## WORK ORDER
Among the entries below, find the lines with the word "pairs" and copy them.
BEGIN
(* Let $R\geq 1$ be a real number and let $C,t\in \mathbb N$ be fixed. Consider pairs of sequences $\{\lambda_i\},\{\nu_i\}$ of nonnegative integers such that $\lambda_i\leq t$ for all $i$ and $\sum_{i\geq 1}(R\lambda_i+\nu_i) \leq C$. Under these conditions the maximal value of the expression $$A(\{\lambda\},\{\nu\})=\sum_{i\geq 1}\nu_i(\lambda_i-\nu_i)$$ can be attained by a pair of sequences $\{\lambda_i\},\{\nu_i\}$, $i=1,2,\dots,r$, such that: (i) $\lambda_1\geq \lambda_2 \geq \dots \geq \lambda_r$, $\nu_1\geq \nu_2 \geq \dots \geq \nu_r\geq 1$, and $\lambda_i \geq \nu_i$ for all $i$; (ii) $\lambda_1=\lambda_2 = \dots = \lambda_{r-1}=t$; and (iii) for some $0\leq b\leq r-1$ we have $\nu_1= \nu_2 = \dots = \nu_b=\nu_{b+1}+1=\dots=\nu_{r-1}+1$. If moreover $\lambda_r=t$, then also $\nu_r \in \{\nu_1, \nu_1-1\}$.
   Context: The sequences $\{\lambda_i\},\{\nu_i\}$ are sequences of nonnegative integers indexed by $i\ge 1$ (with only finitely many nonzero terms, since $\sum_i(R\lambda_i+\nu_i)\le C$). *)

From HB Require Import structures.
From mathcomp Require Import all_boot all_order all_algebra.
From mathcomp Require Import reals.
Set Implicit Arguments. Unset Strict Implicit. Unset Printing Implicit Defensive.
Import Order.TTheory GRing.Theory Num.Theory.
Local Open Scope ring_scope.

(* A pair of finitely supported sequences {lambda_i}, {nu_i} (i >= 1) is
   represented by two lists [lam], [nu] of the same length; the 0-based
   entry [nth 0 lam i] is lambda_{i+1}.  Trailing zero pairs contribute
   nothing to either the constraint or the objective. *)

Definition Aval (lam nu : seq nat) : int :=
  \sum_(i < size lam) ((nth 0%N nu i)%:Z * ((nth 0%N lam i)%:Z - (nth 0%N nu i)%:Z)).

Definition admissible (F : realType) (R : F) (C t : nat) (lam nu : seq nat) : Prop :=
  size lam = size nu /\
  (forall i, (i < size lam)%N -> (nth 0%N lam i <= t)%N) /\
  \sum_(i < size lam) (R * (nth 0%N lam i)%:R + (nth 0%N nu i)%:R) <= C%:R.
(* A cubic graph $H$ that is $2$-connected but not $3$-connected can be decomposed, via the $H$-decomposition along nontrivial $2$-edge cuts, into a collection of cubic loopless graphs $\{H_i\}$ each of which is $3$-connected.
   Context: Graphs are finite; multiple edges allowed, loops not. For a cubic graph $G$ with a $2$-edge cut $E_C=\{s_{11}s_{21},s_{12}s_{22}\}$ (the $s_{1j}$ on one side, the $s_{2j}$ on the other), let $G_1',G_2'$ be the subgraphs induced on the two sides of $G\setminus E_C$, and let $G_i$ be $G_i'$ with the edge $s_{i1}s_{i2}$ added; we write $G=G_1\,H\,G_2$. The cut is nontrivial if $G_1$ and $G_2$ each have fewer vertices than $G$. Decomposing via $H$ means repeatedly replacing a graph in the collection (starting from $\{H\}$) by the two graphs $G_1,G_2$ arising from a nontrivial $2$-edge cut of it. *)

From mathcomp Require Import all_boot.
From Stdlib Require Import Relations.

Set Implicit Arguments.
Unset Strict Implicit.
Unset Printing Implicit Defensive.

(* A finite multigraph: a duplicate-free list of vertex labels (naturals) and a
   list of edges (multiset of unordered pairs, each stored as an ordered pair;
   a pair (v,v) would be a loop).  Keeping the original labels makes the
   split into G_1, G_2 canonical (no relabelling needed). *)
Record mgraph := MGraph { gV : seq nat ; gE : seq (nat * nat) }.

Definition well_formed (G : mgraph) : Prop :=
  uniq (gV G) /\ forall e, e \in gE G -> (e.1 \in gV G) /\ (e.2 \in gV G).

Definition loopless (G : mgraph) : Prop :=
  forall e, e \in gE G -> e.1 != e.2.

(* degree; a loop would count twice *)
Definition deg (G : mgraph) (v : nat) : nat :=
  count (fun e : nat * nat => e.1 == v) (gE G) + count (fun e : nat * nat => e.2 == v) (gE G).

Definition cubic (G : mgraph) : Prop := forall v, v \in gV G -> deg G v = 3.

Definition adj (E : seq (nat * nat)) (u v : nat) : Prop :=
  ((u, v) \in E) \/ ((v, u) \in E).
Lemma le_mult_of_div_le x y M : 0 < y -> x / y <= M -> x <= M * y.
Proof.
  intros Hy H. apply (Rmult_le_compat_r y) in H; [|lra].
  unfold Rdiv in H. now rewrite Rmult_assoc, Rinv_l, Rmult_1_r in H by lra.
Qed.

Lemma div_le_of_le_mult x y M : 0 < y -> x <= M * y -> x / y <= M.
Proof.
  intros Hy H. apply (Rmult_le_reg_r y); auto.
  unfold Rdiv. rewrite Rmult_assoc, Rinv_l, Rmult_1_r; lra.
Qed.

Lemma A_space_holomorphic a f : A_space a f -> holomorphic f.
Proof. intros [H _]. now apply entire_holomorphic. Qed.

Lemma A_space_deriv0_bound a f b : A_space a f -> a < b -> 0 < b ->
  exists M, 0 <= M /\ forall k, Cmod (deriv0 k f) <= M * b ^ k.
Proof.
  intros [_ H] Hab Hb. destruct (normb_finite b f (H b Hab)) as [M HM].
  exists M. split.
  - generalize (HM 0%nat) (Cmod_ge_0 (deriv0 0 f)). simpl. rewrite Rdiv_1_r. lra.
  - intros k. apply le_mult_of_div_le; auto. now apply pow_lt.
Qed.

(* [u k <= M b'^k] gives [u k / b^k <= M (b'/b)^k], uniformly in [u]. *)
Lemma eventually_div_pow_le M b' b eps : 0 < b' < b -> 0 < eps ->
  exists N, forall u : nat -> R, (forall k, u k <= M * b' ^ k) ->
    forall k, (N <= k)%nat -> u k / b ^ k <= eps.
Proof.
  intros Hb He. set (q := b' / b).
  assert (Hq : 0 <= q < 1) by (apply div_lt_1; lra).
  set (M' := Rabs M + 1).
  destruct (pow_lt_1_zero q ltac:(rewrite Rabs_pos_eq; lra) (eps / M')) as [N HN].
  { apply Rdiv_lt_0_compat; [lra|]. unfold M'. generalize (Rabs_pos M). lra. }
  exists N. intros u Hu k Hk. specialize (HN k Hk).
  rewrite Rabs_pos_eq in HN by (apply pow_le; lra).
  assert (Hbk : 0 < b ^ k) by (apply pow_lt; lra).
  apply div_le_of_le_mult; auto.
  assert (Eq : b' ^ k = q ^ k * b ^ k) by (unfold q; rewrite <- Rpow_mult_distr; f_equal; field; lra).
  assert (0 <= q ^ k) by (apply pow_le; lra).
  assert (HM : M * q ^ k <= eps).
  { apply (Rmult_lt_compat_l M') in HN; [|unfold M'; generalize (Rabs_pos M); lra].
    replace (M' * (eps / M')) with eps in HN by (unfold M'; field; generalize (Rabs_pos M); lra).
    apply Rle_trans with (M' * q ^ k); [|lra].
    apply Rmult_le_compat_r; auto. unfold M'. generalize (Rle_abs M). lra. }
  eapply Rle_trans; [apply Hu|]. rewrite Eq. nra.
Qed.
Lemma idft_dft_mx : idft_mx *m dft_mx = 1%:M.
Proof.
apply/matrixP => i i'; rewrite !mxE.
have termE th : idft_mx i th * dft_mx th i' =
    (n%:R * g ^+ i)^-1 * g ^+ i' * (z ^+ i' / z ^+ i) ^+ th.
  by rewrite !mxE exprMn expr_div_n -!exprM (mulnC th i'); ring.
rewrite (eq_bigr _ (fun th _ => termE th)) -mulr_sumr prim_root_orthogonal //.
have [<-|_] := eqVneq i i'; last by rewrite mul0r mulr0.
rewrite mul1r mulrAC -mulrA mulVf ?mulfV //.
by rewrite mulf_neq0 ?expf_neq0 ?(prim_root_natf_neq0 z_prim).
Qed.

Lemma dft_idft_mx : dft_mx *m idft_mx = 1%:M.
Proof. exact: mulmx1C idft_dft_mx. Qed.

End DFT1.

Section Scatter.
Variables (L : fieldType) (M N s : nat) (en : 'I_s -> 'I_M * 'I_N).

Definition scatter (X : 'cV[L]_s) : 'M[L]_(M, N) :=
  \matrix_(th, ph) \sum_k ((en k == (th, ph))%:R * X k 0).

Lemma sum_scatter X (f : 'I_M -> 'I_N -> L) :
  \sum_th \sum_ph scatter X th ph * f th ph = \sum_k X k 0 * f (en k).1 (en k).2.
Proof.
rewrite pair_big /=.
under eq_bigr do rewrite mxE -surjective_pairing mulr_suml.
rewrite exchange_big /=; apply: eq_bigr => k _.
rewrite (bigD1 (en k)) //= eqxx mul1r big1 ?addr0 // => p /negPf p_neq.
by rewrite eq_sym p_neq !mul0r.
Qed.

Lemma scatter_en X k : injective en -> scatter X (en k).1 (en k).2 = X k 0.
Proof.
move=> en_inj; rewrite mxE -surjective_pairing (bigD1 k) //= eqxx mul1r.
by rewrite big1 ?addr0 // => k' /negPf k'_neq; rewrite (inj_eq en_inj) k'_neq mul0r.
Qed.

Lemma scatter_notin X th ph : (forall k, en k != (th, ph)) -> scatter X th ph = 0.
Proof. by move=> not_en; rewrite mxE big1 // => k _; rewrite (negPf (not_en k)) mul0r. Qed.

Lemma scatter_col_en (W : 'M[L]_(M, N)) : injective en ->
    (forall th ph, (forall k, en k != (th, ph)) -> W th ph = 0) ->
  scatter (\col_k W (en k).1 (en k).2) = W.
Proof.
move=> en_inj W0; apply/matrixP => th ph.
have [k /eqP enk|no_k] := pickP (fun k => en k == (th, ph)).
  by rewrite -[th]/((th, ph).1) -[ph]/((th, ph).2) -enk scatter_en // mxE.
by rewrite scatter_notin ?W0 // => k; rewrite no_k.
Qed.

End Scatter.

Section DFT2.
Variables (L : fieldType) (M N : nat) (g1 g2 z1 z2 : L).

Definition dft2 (w : 'M[L]_(M, N)) : 'M[L]_(M, N) :=
  dft_mx M g1 z1 *m w *m (dft_mx N g2 z2)^T.
Definition idft2 (W : 'M[L]_(M, N)) : 'M[L]_(M, N) :=
  idft_mx M g1 z1 *m W *m (idft_mx N g2 z2)^T.

Fact dft2_is_linear : linear dft2.
Proof. by move=> a u v; rewrite /dft2 mulmxDr mulmxDl -scalemxAr -scalemxAl. Qed.
HB.instance Definition _ := GRing.isLinear.Build L _ _ _ dft2 dft2_is_linear.

Fact idft2_is_linear : linear idft2.
Proof. by move=> a u v; rewrite /idft2 mulmxDr mulmxDl -scalemxAr -scalemxAl. Qed.
HB.instance Definition _ := GRing.isLinear.Build L _ _ _ idft2 idft2_is_linear.

Lemma dft2E w th ph :
  dft2 w th ph = \sum_i \sum_j w i j * (g1 * z1 ^+ th) ^+ i * (g2 * z2 ^+ ph) ^+ j.
Proof.
rewrite mulmx_trmxE; apply: eq_bigr => i _; apply: eq_bigr => j _.
by rewrite !mxE [_ * w i j]mulrC.
Qed.

Hypotheses (z1_prim : M.-primitive_root z1) (z2_prim : N.-primitive_root z2).
Hypotheses (g1_neq0 : g1 != 0) (g2_neq0 : g2 != 0).

Lemma dft2K : cancel dft2 idft2.
Proof.
move=> w; rewrite /dft2 /idft2 !mulmxA idft_dft_mx // mul1mx -mulmxA -trmx_mul.
by rewrite idft_dft_mx // trmx1 mulmx1.
Qed.

Lemma idft2K : cancel idft2 dft2.
Proof.
move=> W; rewrite /dft2 /idft2 !mulmxA dft_idft_mx // mul1mx -mulmxA -trmx_mul.
by rewrite dft_idft_mx // trmx1 mulmx1.
Qed.

Lemma sum_idft2 (W : 'M[L]_(M, N)) (i : 'I_M) (j : 'I_N) :
  \sum_(th < M) \sum_(ph < N) W th ph * (z1 ^- i) ^+ th * (z2 ^- j) ^+ ph =
  (M%:R * g1 ^+ i) * (N%:R * g2 ^+ j) * idft2 W i j.
Proof.
have M_neq0 := prim_root_natf_neq0 (R := L) z1_prim.
have N_neq0 := prim_root_natf_neq0 (R := L) z2_prim.
rewrite mulmx_trmxE mulr_sumr; apply: eq_bigr => th _.
rewrite mulr_sumr; apply: eq_bigr => ph _.
rewrite !mxE !exprVn -!exprM; field.
by rewrite M_neq0 N_neq0 !expf_neq0 ?(prim_root_neq0 z1_prim) ?(prim_root_neq0 z2_prim).
Qed.

Lemma dft2_inversion (w : 'M[L]_(M, N)) (i : 'I_M) (j : 'I_N) :
  \sum_(th < M) \sum_(ph < N) dft2 w th ph * (z1 ^- i) ^+ th * (z2 ^- j) ^+ ph =
  (M%:R * g1 ^+ i) * (N%:R * g2 ^+ j) * w i j.
Proof. by rewrite sum_idft2 dft2K. Qed.

Variables (s t : nat) (en : 'I_s -> 'I_M * 'I_N) (ep : 'I_t -> 'I_M * 'I_N).

Definition idft2_submx : 'M[L]_(t, s) :=
  \matrix_(l, k) (z1 ^- ((ep l).1 * (en k).1) * z2 ^- ((ep l).2 * (en k).2)).

Lemma idft2_submx_mulE X l :
  (idft2_submx *m X) l 0 = (M%:R * g1 ^+ (ep l).1) * (N%:R * g2 ^+ (ep l).2) *
                           idft2 (scatter en X) (ep l).1 (ep l).2.
Proof.
rewrite -sum_idft2.
under [RHS]eq_bigr => th _ do under eq_bigr => ph _ do rewrite -mulrA.
rewrite sum_scatter mxE; apply: eq_bigr => k _.
by rewrite mxE !exprVn -!exprM mulrC.
Qed.

End DFT2.

Lemma eval2_dft2 (F : finFieldType) (L : fieldExtType F) M N (c : 'M[F]_(M, N))
    (g1 g2 z1 z2 : L) (th : 'I_M) (ph : 'I_N) :
  eval2 c (g1 * z1 ^+ th) (g2 * z2 ^+ ph) = dft2 g1 g2 z1 z2 (map_mx (in_alg L) c) th ph.
Proof. by rewrite dft2E; apply: eq_bigr => i _; apply: eq_bigr => j _; rewrite mxE. Qed.

Section Shifts.
Variables (F : finFieldType) (L : fieldExtType F) (M N : nat).

Lemma alg_mul (a b : F) : (a * b)%:A = a%:A * b%:A :> L.
Proof. by rewrite mulr_algl scalerA. Qed.

Lemma eval2_col_cshift l (c : 'M[F]_(M, N)) (x y : L) :
  x ^+ M = l%:A -> eval2 (col_cshift l c) x y = x * eval2 c x y.
Proof.
move=> xM; rewrite /eval2 mulr_sumr (reindex_inj (@ordS_inj M)) /=.
apply: eq_bigr => i _; rewrite mulr_sumr; apply: eq_bigr => j _.
rewrite mxE ordSK /=; have [i_lt|] := ltnP i.+1 M.
  by rewrite modn_small // mul1r exprS; ring.
rewrite leq_eqVlt ltnNge ltn_ord orbF => /eqP Mi.
have xi : x ^+ i.+1 = l%:A by rewrite -xM; congr (x ^+ _).
by rewrite -Mi modnn /= alg_mul -xi expr0 exprS; ring.
Qed.

Lemma eval2_row_cshift l (c : 'M[F]_(M, N)) (x y : L) :
  y ^+ N = l%:A -> eval2 (row_cshift l c) x y = y * eval2 c x y.
Proof.
move=> yN; rewrite /eval2 mulr_sumr; apply: eq_bigr => i _.
rewrite mulr_sumr (reindex_inj (@ordS_inj N)) /=; apply: eq_bigr => j _.
rewrite mxE ordSK /=; have [j_lt|] := ltnP j.+1 N.
  by rewrite modn_small // mul1r exprS; ring.
rewrite leq_eqVlt ltnNge ltn_ord orbF => /eqP Nj.
have yj : y ^+ j.+1 = l%:A by rewrite -yN; congr (y ^+ _).
by rewrite -Nj modnn /= alg_mul -yj expr0 exprS; ring.
Qed.

Definition cshift2 (l1 l2 : F) (a b : nat) (c : 'M[F]_(M, N)) : 'M[F]_(M, N) :=
  iter a (col_cshift l1) (iter b (row_cshift l2) c).

Lemma eval2_cshift2 l1 l2 c (x y : L) a b :
  x ^+ M = l1%:A -> y ^+ N = l2%:A ->
  eval2 (cshift2 l1 l2 a b c) x y = x ^+ a * y ^+ b * eval2 c x y.
Proof.
move=> xM yN; elim: a => [|a IHa] /=.
  elim: b => [|b IHb] /=; first by rewrite !expr0 !mul1r.
  by rewrite eval2_row_cshift // IHb exprS expr0 !mul1r mulrA.
by rewrite eval2_col_cshift // IHa exprS !mulrA.
Qed.

Lemma cshift2_in l1 l2 (C : {set 'M[F]_(M, N)}) c a b :
  (forall c, c \in C -> col_cshift l1 c \in C) ->
  (forall c, c \in C -> row_cshift l2 c \in C) ->
  c \in C -> cshift2 l1 l2 a b c \in C.
Proof.
move=> C_col C_row cC; elim: a => [|a IHa] /=; last exact: C_col.
by elim: b => [|b IHb] //=; apply: C_row.
Qed.

End Shifts.

Section OffSupport.
Variables (R : pzSemiRingType) (M N : nat) (S : {set 'I_M * 'I_N}).

Definition offsupp_mx : 'M[R]_(M * N) :=
  diag_mx (mxvec (\matrix_(i, j) ((i, j) \notin S)%:R)).

Lemma mxvec_offsupp_eq0 (w : 'M[R]_(M, N)) :
  mxvec w *m offsupp_mx = 0 <-> forall i j, (i, j) \notin S -> w i j = 0.
Proof.
rewrite /offsupp_mx mul_mx_diag; split=> [w0 i j ijS | w0].
  have := congr1 (fun A : 'M_(1, _) => A 0 (mxvec_index i j)) w0.
  by rewrite /= !mxE !mxvecE mxE ijS mulr1.
apply/rowP => k; rewrite !mxE; case/mxvec_indexP: k => i j.
rewrite !mxvecE mxE; have [ijS|] := boolP ((i, j) \notin S).
  by rewrite w0 // mul0r.
by rewrite mulr0.
Qed.

End OffSupport.

Lemma map_offsupp_mx (R R' : pzSemiRingType) (f : {rmorphism R -> R'}) M N
    (S : {set 'I_M * 'I_N}) :
  map_mx f (offsupp_mx R S) = offsupp_mx R' S.
Proof.
rewrite map_diag_mx map_mxvec; congr (diag_mx (mxvec _)).
by apply/matrixP => i j; rewrite !mxE rmorph_nat.
Qed.

Section LinearCode.
Variables (F : finFieldType) (M N : nat) (C : {set 'M[F]_(M, N)}).
Hypotheses (C0 : 0 \in C) (C_lin : forall (a : F) x y, x \in C -> y \in C -> a *: x + y \in C).

Lemma code_lin_comb (I : finType) (a : I -> F) (f : I -> 'M[F]_(M, N)) :
  (forall i, f i \in C) -> \sum_i a i *: f i \in C.
Proof.
move=> fC; apply: (big_ind (fun x => x \in C)) => // [x y xC yC|i _].
  by rewrite -[x]scale1r C_lin.
by rewrite -[_ *: _]addr0 C_lin.
Qed.

Definition code_mx : 'M[F]_(#|C|, M * N) := \matrix_(k < #|C|) mxvec (enum_val k).

Lemma mulmx_code_mx (b : 'rV[F]_#|C|) : exists2 c, c \in C & b *m code_mx = mxvec c.
Proof.
exists (\sum_k b 0 k *: enum_val k); first by apply: code_lin_comb => k; apply: enum_valP.
rewrite mulmx_sum_row linear_sum; apply: eq_bigr => k _.
by rewrite linearZ /= rowK.
Qed.

Lemma kermx_code_offsupp d (S : {set 'I_M * 'I_N}) :
  (forall c, c \in C -> c != 0 -> (d <= wt c)%N) -> (#|S| < d)%N ->
  (kermx (code_mx *m offsupp_mx F S) <= kermx code_mx)%MS.
Proof.
move=> C_min S_lt_d; apply/sub_kermxP/row_matrixP => k.
rewrite row0 row_mul; set b := row k _; have b_ker : b *m code_mx *m offsupp_mx F S = 0.
  by rewrite -mulmxA -row_mul mulmx_ker row0.
have [c cC bc] := mulmx_code_mx b.
move: b_ker; rewrite bc => /mxvec_offsupp_eq0 c_offS.
suff -> : c = 0 by rewrite linear0.
apply/eqP; apply: contraTT S_lt_d => c_neq0; rewrite -leqNgt.
apply: leq_trans (C_min c cC c_neq0) (subset_leq_card _).
by apply/subsetP => -[i j]; rewrite inE /=; apply: contraR => /c_offS ->; rewrite eqxx.
Qed.

Variable L : fieldExtType F.

Definition lspan (w : 'M[L]_(M, N)) : bool :=
  (mxvec w <= map_mx (in_alg L) code_mx)%MS.

Lemma lspan_code c : c \in C -> lspan (map_mx (in_alg L) c).
Proof.
move=> cC; rewrite /lspan -map_mxvec.
have -> : mxvec c = row (enum_rank_in cC c) code_mx by rewrite rowK enum_rankK_in.
by rewrite map_row row_sub.
Qed.

Lemma lspan_sum (I : finType) (w : I -> 'M[L]_(M, N)) :
  (forall i, lspan (w i)) -> lspan (\sum_i w i).
Proof. by move=> w_span; rewrite /lspan linear_sum; apply: summx_sub => i _; apply: w_span. Qed.

Lemma lspanZ a w : lspan w -> lspan (a *: w).
Proof. by rewrite /lspan linearZ; apply: scalemx_sub. Qed.

Lemma lspan_supp_eq0 d (S : {set 'I_M * 'I_N}) (w : 'M[L]_(M, N)) :
  (forall c, c \in C -> c != 0 -> (d <= wt c)%N) -> (#|S| < d)%N ->
  lspan w -> (forall i j, (i, j) \notin S -> w i j = 0) -> w = 0.
Proof.
move=> C_min S_lt_d /submxP[a wa] /mxvec_offsupp_eq0 w_offS.
have a_ker : (a <= kermx (map_mx (in_alg L) (code_mx *m offsupp_mx F S)))%MS.
  by apply/sub_kermxP; rewrite map_mxM map_offsupp_mx mulmxA -wa.
have /sub_kermxP : (a <= kermx (map_mx (in_alg L) code_mx))%MS.
  rewrite -!map_kermx in a_ker *; apply: submx_trans a_ker _.
  by rewrite map_submx (kermx_code_offsupp C_min S_lt_d).
by rewrite -wa => /eqP; rewrite mxvec_eq0 => /eqP.
Qed.

End LinearCode.

Section CodeSpectrum.
Variables (F : finFieldType) (L : fieldExtType F) (M N : nat).
Variables (l1 l2 : F) (C : {set 'M[F]_(M, N)}) (g1 g2 z1 z2 : L).
Hypotheses (C_col : forall c, c \in C -> col_cshift l1 c \in C).
Hypotheses (C_row : forall c, c \in C -> row_cshift l2 c \in C).
Hypotheses (z1_prim : M.-primitive_root z1) (z2_prim : N.-primitive_root z2).
Hypotheses (g1_neq0 : g1 != 0) (g2_neq0 : g2 != 0).
Hypotheses (g1M : g1 ^+ M = l1%:A) (g2N : g2 ^+ N = l2%:A).

Local Notation dft2 := (@dft2 L M N g1 g2 z1 z2).
Local Notation idft2 := (@idft2 L M N g1 g2 z1 z2).
Local Notation liftL c := (map_mx (in_alg L) c).

Lemma dft2_cshift2 c a b th ph :
  dft2 (liftL (cshift2 l1 l2 a b c)) th ph =
  (g1 * z1 ^+ th) ^+ a * (g2 * z2 ^+ ph) ^+ b * dft2 (liftL c) th ph.
Proof. by rewrite -!eval2_dft2 eval2_cshift2 // prim_root_mul_expr. Qed.

Lemma lspan_idft2_delta c th0 ph0 :
  c \in C -> dft2 (liftL c) th0 ph0 != 0 -> lspan C (idft2 (delta_mx th0 ph0)).
Proof.
move=> cC; set v := dft2 _ th0 ph0 => v_neq0.
set x0 := g1 * z1 ^+ th0; set y0 := g2 * z2 ^+ ph0.
pose h := \sum_(ab : 'I_M * 'I_N)
  ((x0 ^+ ab.1)^-1 * (y0 ^+ ab.2)^-1) *: liftL (cshift2 l1 l2 ab.1 ab.2 c).
have h_span : lspan C h.
  by apply: lspan_sum => ab; apply/lspanZ/lspan_code/cshift2_in.
have dft2_h : dft2 h = (M%:R * N%:R * v) *: delta_mx th0 ph0.
  apply/matrixP => th ph; rewrite linear_sum summxE.
  under eq_bigr do rewrite linearZ mxE dft2_cshift2.
  transitivity ((\sum_(a < M) (z1 ^+ th / z1 ^+ th0) ^+ a) *
                (\sum_(b < N) (z2 ^+ ph / z2 ^+ ph0) ^+ b) * dft2 (liftL c) th ph).
    rewrite big_distrlr mulr_suml; under [RHS]eq_bigr do rewrite mulr_suml.
    rewrite pair_big; apply: eq_bigr => -[a b] _ /=.
    rewrite /x0 /y0 !expr_div_n !exprMn; field.
    by rewrite !expf_neq0 ?(prim_root_neq0 z1_prim) ?(prim_root_neq0 z2_prim).
  rewrite !prim_root_orthogonal // [RHS]mxE [in RHS]mxE.
  have [->|] /= := eqVneq th th0; last by rewrite !mul0r mulr0.
  by have [->|] /= := eqVneq ph ph0; rewrite !(mul1r, mulr1, mul0r, mulr0).
have -> : idft2 (delta_mx th0 ph0) = (M%:R * N%:R * v)^-1 *: h.
  rewrite -[h](dft2K z1_prim z2_prim g1_neq0 g2_neq0) dft2_h linearZ scalerA mulVf ?scale1r //.
  by rewrite !mulf_neq0 ?(prim_root_natf_neq0 z1_prim) ?(prim_root_natf_neq0 z2_prim).
exact: lspanZ.
Qed.

Lemma mem_Etilde (th : 'I_M) (ph : 'I_N) :
  ((th, ph) \in Etilde l1 l2 C g1 g2 z1 z2) = [forall c in C, dft2 (liftL c) th ph == 0].
Proof.
rewrite inE /Vc /= !prim_root_mul_expr // g1M g2N !eqxx /=.
by apply: eq_forallb => c; rewrite eval2_dft2.
Qed.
END
## FINAL ANSWER
(* Let $R\geq 1$ be a real number and let $C,t\in \mathbb N$ be fixed. Consider pairs of sequences $\{\lambda_i\},\{\nu_i\}$ of nonnegative integers such that $\lambda_i\leq t$ for all $i$ and $\sum_{i\geq 1}(R\lambda_i+\nu_i) \leq C$. Under these conditions the maximal value of the expression $$A(\{\lambda\},\{\nu\})=\sum_{i\geq 1}\nu_i(\lambda_i-\nu_i)$$ can be attained by a pair of sequences $\{\lambda_i\},\{\nu_i\}$, $i=1,2,\dots,r$, such that: (i) $\lambda_1\geq \lambda_2 \geq \dots \geq \lambda_r$, $\nu_1\geq \nu_2 \geq \dots \geq \nu_r\geq 1$, and $\lambda_i \geq \nu_i$ for all $i$; (ii) $\lambda_1=\lambda_2 = \dots = \lambda_{r-1}=t$; and (iii) for some $0\leq b\leq r-1$ we have $\nu_1= \nu_2 = \dots = \nu_b=\nu_{b+1}+1=\dots=\nu_{r-1}+1$. If moreover $\lambda_r=t$, then also $\nu_r \in \{\nu_1, \nu_1-1\}$.
   entry [nth 0 lam i] is lambda_{i+1}.  Trailing zero pairs contribute
   list of edges (multiset of unordered pairs, each stored as an ordered pair;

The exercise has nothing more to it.